After some turnover early on, High on Fire settled into its current lineup of Pike, drummer Des Kensel and bassist Jeff Matz in 2005. Kensel and Matz have proven to be one of the genre's tightest, most consistent rhythm sections. Kensel, who co-founded High on Fire and co-writes much of the material, drums relentlessly. His agile backing pushes tempos and emphasizes the low-end rumble; he's High on Fire's heaviest component. Bassist Matz plays in lockstep with Kensel, accenting Pike's riffs with understated melody and overstated heft.

Still, Matz and Kensel remain criminally overlooked—or, at least, eclipsed by the tattooed, long-haired, barrel-chested and usually shirtless Pike. He looks like a hybrid of Viking and barfly, heavy metal personified. His guitar playing is concise and forceful, his solos spinning out effortlessly from the dense bedrock of High on Fire's riffs. His guttural rasp carries a melody with authority and experience. Like Motörhead's Lemmy Kilmister, Pike is supported by bandmates who don't seem to mind letting their own contributions reflect back toward the front man.
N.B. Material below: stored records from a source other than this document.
(* For every $b>1$ and every $\delta>0$ there exists an instance (a finite directed acyclic graph with nonnegative edge costs, start node $s$ and target node $t$) on which the cost $C_s(s)$ incurred by the sophisticated agent with present-bias parameter $b$ is at least $(b-\delta)$ times the cost $C_n(s)$ incurred by the naive agent with present-bias parameter $b$. That is, the ratio of the sophisticated agent's cost to the naive agent's cost can be arbitrarily close to $b$.
   Context: An instance is a finite directed acyclic graph $G=(V,E)$ with nonnegative edge costs $c(u,v)$, start node $s$ and target node $t$, where $t$ is the unique node with no outgoing edges. $C_o(u)$ denotes the minimum cost of a $u$–$t$ path. Sophisticated agent with bias $b$: $C_s(t)=0$, and for $u\ne t$, $S_s(u)\in\arg\min_{v:(u,v)\in E}(b\,c(u,v)+C_s(v))$, $C_s(u)=c(u,S_s(u))+C_s(S_s(u))$. Naive agent with bias $b$: $C_n(t)=0$, and for $u\ne t$, $S_n(u)\in\arg\min_{v:(u,v)\in E}(b\,c(u,v)+C_o(v))$, $C_n(u)=c(u,S_n(u))+C_n(S_n(u))$. Each agent starting at $s$ repeatedly moves to its chosen successor until reaching $t$; its incurred cost is $C_s(s)$, respectively $C_n(s)$. *)

From mathcomp Require Import all_boot all_order all_algebra.
From mathcomp Require Import reals.
Set Implicit Arguments. Unset Strict Implicit. Unset Printing Implicit Defensive.
Import Order.TTheory GRing.Theory Num.Theory.
Local Open Scope ring_scope.

Section Defs.
Variables (R : realType) (V : finType).

Definition path_cost (c : V -> V -> R) (u : V) (p : seq V) : R :=
  \sum_(e <- zip (u :: p) p) c e.1 e.2.

Definition is_instance (E : rel V) (c : V -> V -> R) (t : V) : Prop :=
  (forall u v, E u v -> ~~ connect E v u) /\
  (forall u v, E u v -> 0 <= c u v) /\
  (forall u, (forall v, ~~ E u v) <-> u = t).

Definition is_opt_cost (E : rel V) (c : V -> V -> R) (t : V) (Co : V -> R)
  : Prop :=
  forall u,
    (exists p, [/\ path E u p, last u p = t & path_cost c u p = Co u]) /\
    (forall p, path E u p -> last u p = t -> Co u <= path_cost c u p).

Definition soph_agent (E : rel V) (c : V -> V -> R) (t : V) (b : R)
  (Ss : V -> V) (Cs : V -> R) : Prop :=
  Cs t = 0 /\
  forall u, u != t ->
    [/\ E u (Ss u),
        (forall v, E u v -> b * c u (Ss u) + Cs (Ss u) <= b * c u v + Cs v)
      & Cs u = c u (Ss u) + Cs (Ss u)].

Definition naive_agent (E : rel V) (c : V -> V -> R) (t : V) (b : R)
  (Co : V -> R) (Sn : V -> V) (Cn : V -> R) : Prop :=
  Cn t = 0 /\
  forall u, u != t ->
    [/\ E u (Sn u),
        (forall v, E u v -> b * c u (Sn u) + Co (Sn u) <= b * c u v + Co v)
      & Cn u = c u (Sn u) + Cn (Sn u)].

End Defs.

(* The instance has two routes from s to t.  Paying K first leads to a node
   where the agent still has the choice between finishing at cost 1 or
   postponing to an edge of cost z, with 1 < z < b; either agent postpones
   there, so this route really costs K + z.  The other route postpones
   everything, paying b K + m later, with 1 < m < z.  The naive agent believes
   the first route costs K + 1 and prefers it to the postponed one; the
   sophisticated agent knows it costs K + z and postpones, paying b K + m.
   Hence C_s(s) / C_n(s) = (b K + m) / (K + z), which tends to b as K grows. *)

From HB Require Import structures.
From mathcomp Require Import all_boot all_order all_algebra.
From mathcomp Require Import reals.
From mathcomp Require Import ring lra.
Set Implicit Arguments. Unset Strict Implicit. Unset Printing Implicit Defensive.
Import Order.TTheory GRing.Theory Num.Theory.
Local Open Scope ring_scope.

Section Agents.
Variables (R : realType) (V : finType) (E : rel V) (c : V -> V -> R) (t : V).

Lemma path_cost_cons u v p : path_cost c u (v :: p) = c u v + path_cost c v p.
Proof. by rewrite /path_cost /= big_cons. Qed.

Lemma acyclic_of_rank (rank : V -> nat) :
  (forall u v, E u v -> (rank u < rank v)%N) ->
  forall u v, E u v -> ~~ connect E v u.
Proof.
move=> rankE u v uv; apply/negP => /connectP [p vp up].
have rank_last : (rank v <= rank (last v p))%N.
  elim: p v vp {up uv} => [|w p IH] v //= /andP[/rankE vw /IH].
  exact/leq_trans/ltnW.
by move: rank_last; rewrite -up leqNgt rankE.
Qed.

Section OptimalCost.
Hypothesis target_sink : forall v, ~~ E t v.
Variable Co : V -> R.
Hypothesis Co_opt : is_opt_cost E c t Co.

Lemma opt_cost_target : Co t = 0.
Proof.
have [[[|v p] [tp _ <-]] _] := Co_opt t; first by rewrite /path_cost big_nil.
by move: tp; rewrite /= (negbTE (target_sink v)).
Qed.

Lemma opt_cost_edge u v : E u v -> Co u <= c u v + Co v.
Proof.
move=> uv; have [[p [vp vt <-]] _] := Co_opt v.
by rewrite -path_cost_cons; apply: (Co_opt u).2; rewrite //= uv.
Qed.

Lemma opt_cost_bellman u : u != t -> exists2 v, E u v & Co u = c u v + Co v.
Proof.
move=> ut; have [[[|v p] [up /= ut' up_cost]] _] := Co_opt u.
  by rewrite ut' eqxx in ut.
move: up => /= /andP[uv vp]; exists v => //.
apply/le_anti; rewrite opt_cost_edge //=.
by rewrite -up_cost path_cost_cons lerD2l (Co_opt v).2.
Qed.

End OptimalCost.

(* Both agents make, at every node u != t, a greedy step with respect to the
   perceived cost b c(u,v) + W v: W is C_s itself for the sophisticated agent
   and C_o for the naive one. *)
Definition greedy_step (b : R) (W : V -> R) (S : V -> V) (C : V -> R) u :=
  [/\ E u (S u),
      forall v, E u v -> b * c u (S u) + W (S u) <= b * c u v + W v
    & C u = c u (S u) + C (S u)].

Lemma greedy_step_forced b W S C u v :
  (forall w, E u w -> w = v) -> greedy_step b W S C u -> C u = c u v + C v.
Proof. by move=> succ [uS _ ->]; rewrite (succ _ uS). Qed.

Lemma greedy_step_preferred b W S C u v w :
  (forall x, E u x -> x = v \/ x = w) -> E u v ->
  b * c u v + W v < b * c u w + W w ->
  greedy_step b W S C u -> C u = c u v + C v.
Proof.
move=> succ uv pref [uS Smin ->].
have [-> //|Sw] := succ _ uS.
by move: (Smin v uv); rewrite Sw leNgt pref.
Qed.

End Agents.

Inductive node := Start | Early | EarlyDelay | Late | Target.

Definition nat_of_node (u : node) : nat :=
  match u with
  | Start => 0 | Early => 1 | EarlyDelay => 2 | Late => 3 | Target => 4
  end.

Definition node_of_nat (k : nat) : option node :=
  nth None [:: Some Start; Some Early; Some EarlyDelay; Some Late; Some Target] k.

Lemma nat_of_nodeK : pcancel nat_of_node node_of_nat.
Proof. by case. Qed.

HB.instance Definition _ := Countable.copy node (pcan_type nat_of_nodeK).

Lemma node_enumP : Finite.axiom [:: Start; Early; EarlyDelay; Late; Target].
Proof. by case. Qed.

HB.instance Definition _ := isFinite.Build node node_enumP.

Definition edge : rel node := fun u v =>
  match u, v with
  | Start, Early | Start, Late | Early, EarlyDelay | Early, Target
  | EarlyDelay, Target | Late, Target => true
  | _, _ => false
  end.

Lemma edge_rank u v : edge u v -> (nat_of_node u < nat_of_node v)%N.
Proof. by case: u; case: v. Qed.

Section Instance.
Variables (R : realType) (b K z m : R).

Definition cost (u v : node) : R :=
  match u, v with
  | Start, Early => K
  | Early, Target => 1
  | EarlyDelay, Target => z
  | Late, Target => b * K + m
  | _, _ => 0
  end.

Lemma instance_is_instance :
  0 <= K -> 1 < m -> m < z -> z < b -> is_instance edge cost Target.
Proof.
move=> K_ge0 m_gt1 m_lt_z z_lt_b; split; [exact: acyclic_of_rank edge_rank | split].
- have bK_ge0 : 0 <= b * K by rewrite mulr_ge0 //; lra.
  by case; case => //= _; lra.
- by case; split => // succ; [move: (succ Late) | move: (succ Target) ..].
Qed.

Lemma naive_cost_start Co Sn Cn : 1 < m -> z < b ->
  is_opt_cost edge cost Target Co -> naive_agent edge cost Target b Co Sn Cn ->
  Cn Start = K + z.
Proof.
move=> m_gt1 z_lt_b Co_opt [Cn_target Cn_step].
have Co_target : Co Target = 0 by apply: opt_cost_target Co_opt; case.
have Co_early : Co Early <= 1.
  by have := opt_cost_edge Co_opt (u := Early) (v := Target) isT; rewrite Co_target addr0.
have Co_delay : Co EarlyDelay <= z.
  by have := opt_cost_edge Co_opt (u := EarlyDelay) (v := Target) isT; rewrite Co_target addr0.
have Co_late : Co Late = b * K + m.
  have [[] //= _ ->] := opt_cost_bellman Co_opt (u := Late) isT.
  by rewrite Co_target addr0.
have Cn_delay : Cn EarlyDelay = z.
  rewrite (greedy_step_forced (v := Target) _ (Cn_step EarlyDelay isT)) ?Cn_target ?addr0 //.
  by case.
have Cn_early : Cn Early = z.
  rewrite (greedy_step_preferred (v := EarlyDelay) (w := Target) _ isT _ (Cn_step Early isT)).
  - by rewrite Cn_delay add0r.
  - by case; auto.
  - by rewrite /= Co_target; lra.
rewrite (greedy_step_preferred (v := Early) (w := Late) _ isT _ (Cn_step Start isT)).
- by rewrite Cn_early.
- by case; auto.
- by rewrite /= Co_late; lra.
Qed.

Lemma soph_cost_start Ss Cs : m < z -> z < b ->
  soph_agent edge cost Target b Ss Cs -> Cs Start = b * K + m.
Proof.
move=> m_lt_z z_lt_b [Cs_target Cs_step].
have Cs_delay : Cs EarlyDelay = z.
  rewrite (greedy_step_forced (v := Target) _ (Cs_step EarlyDelay isT)) ?Cs_target ?addr0 //.
  by case.
have Cs_late : Cs Late = b * K + m.
  rewrite (greedy_step_forced (v := Target) _ (Cs_step Late isT)) ?Cs_target ?addr0 //.
  by case.
have Cs_early : Cs Early = z.
  rewrite (greedy_step_preferred (v := EarlyDelay) (w := Target) _ isT _ (Cs_step Early isT)).
  - by rewrite Cs_delay add0r.
  - by case; auto.
  - by rewrite /= Cs_delay Cs_target; lra.
rewrite (greedy_step_preferred (v := Late) (w := Early) _ isT _ (Cs_step Start isT)).
- by rewrite Cs_late add0r.
- by case; auto.
- by rewrite /= Cs_late Cs_early; lra.
Qed.

End Instance.

Theorem claim1 (R : realType) (b delta : R) :
  1 < b -> 0 < delta ->
  exists (V : finType) (E : rel V) (c : V -> V -> R) (s t : V),
    is_instance E c t /\
    forall (Co : V -> R) (Sn : V -> V) (Cn : V -> R) (Ss : V -> V) (Cs : V -> R),
      is_opt_cost E c t Co ->
      naive_agent E c t b Co Sn Cn ->
      soph_agent E c t b Ss Cs ->
      0 < Cn s /\ (b - delta) * Cn s <= Cs s.
Proof.
move=> b_gt1 delta_gt0.
pose z := (1 + b) / 2; pose m := (3 + b) / 4; pose K := b * z / delta.
have m_gt1 : 1 < m by rewrite /m; lra.
have m_lt_z : m < z by rewrite /m /z; lra.
have z_lt_b : z < b by rewrite /z; lra.
have K_gt0 : 0 < K by rewrite /K divr_gt0 // mulr_gt0 //; lra.
(* K is large enough that the loss delta * K absorbs b * z. *)
have delta_K : delta * K = b * z by rewrite /K mulrCA divff ?mulr1 // gt_eqF.
exists node, edge, (cost b K z m), Start, Target.
split=> [|Co Sn Cn Ss Cs Co_opt naive soph].
  exact: instance_is_instance (ltW K_gt0) m_gt1 m_lt_z z_lt_b.
rewrite (naive_cost_start m_gt1 z_lt_b Co_opt naive).
rewrite (soph_cost_start m_lt_z z_lt_b soph).
have -> : (b - delta) * (K + z) = b * K - delta * z.
  by rewrite mulrBl !mulrDr delta_K; ring.
have delta_z_gt0 : 0 < delta * z by rewrite mulr_gt0 //; lra.
split; lra.
Qed.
And as with Motörhead, High on Fire has rarely modified its template. Across seven studio albums, the band has traded in thick riffs, played at a roiling mid-tempo, with simple structures and quick breaks. Never yielding to "extreme metal" gamesmanship or conservative puritanism, High on Fire has established a formula as singular and broadly familiar as that of AC/DC, Iron Maiden and Sleep. Pike drew up a plan from the start, and High on Fire continues to execute it, confirming his vision every time they set foot on a stage or in a studio.

In Corrosion of Conformity and High on Fire, Keenan and Pike are flanked by powerful players worthy of praise. But Keenan's band etched a legacy before he joined and another after his exit. Pike's band, however, works primarily to highlight his presence, the way a great character actor gives a lead more vibrant scenes in which to work.

Despite the differences in perception, these dual reminders assert that leaders are only as great as the bands they lead. That is, what's Sabbath without Tony Iommi? Judas Priest without K.K. Downing and Glenn Tipton? Or Motörhead without the late Phil "Philthy Animal" Taylor?

Just a dude with a microphone and, just maybe, some riffs, too.

This article appeared in print with the headline "Down in front."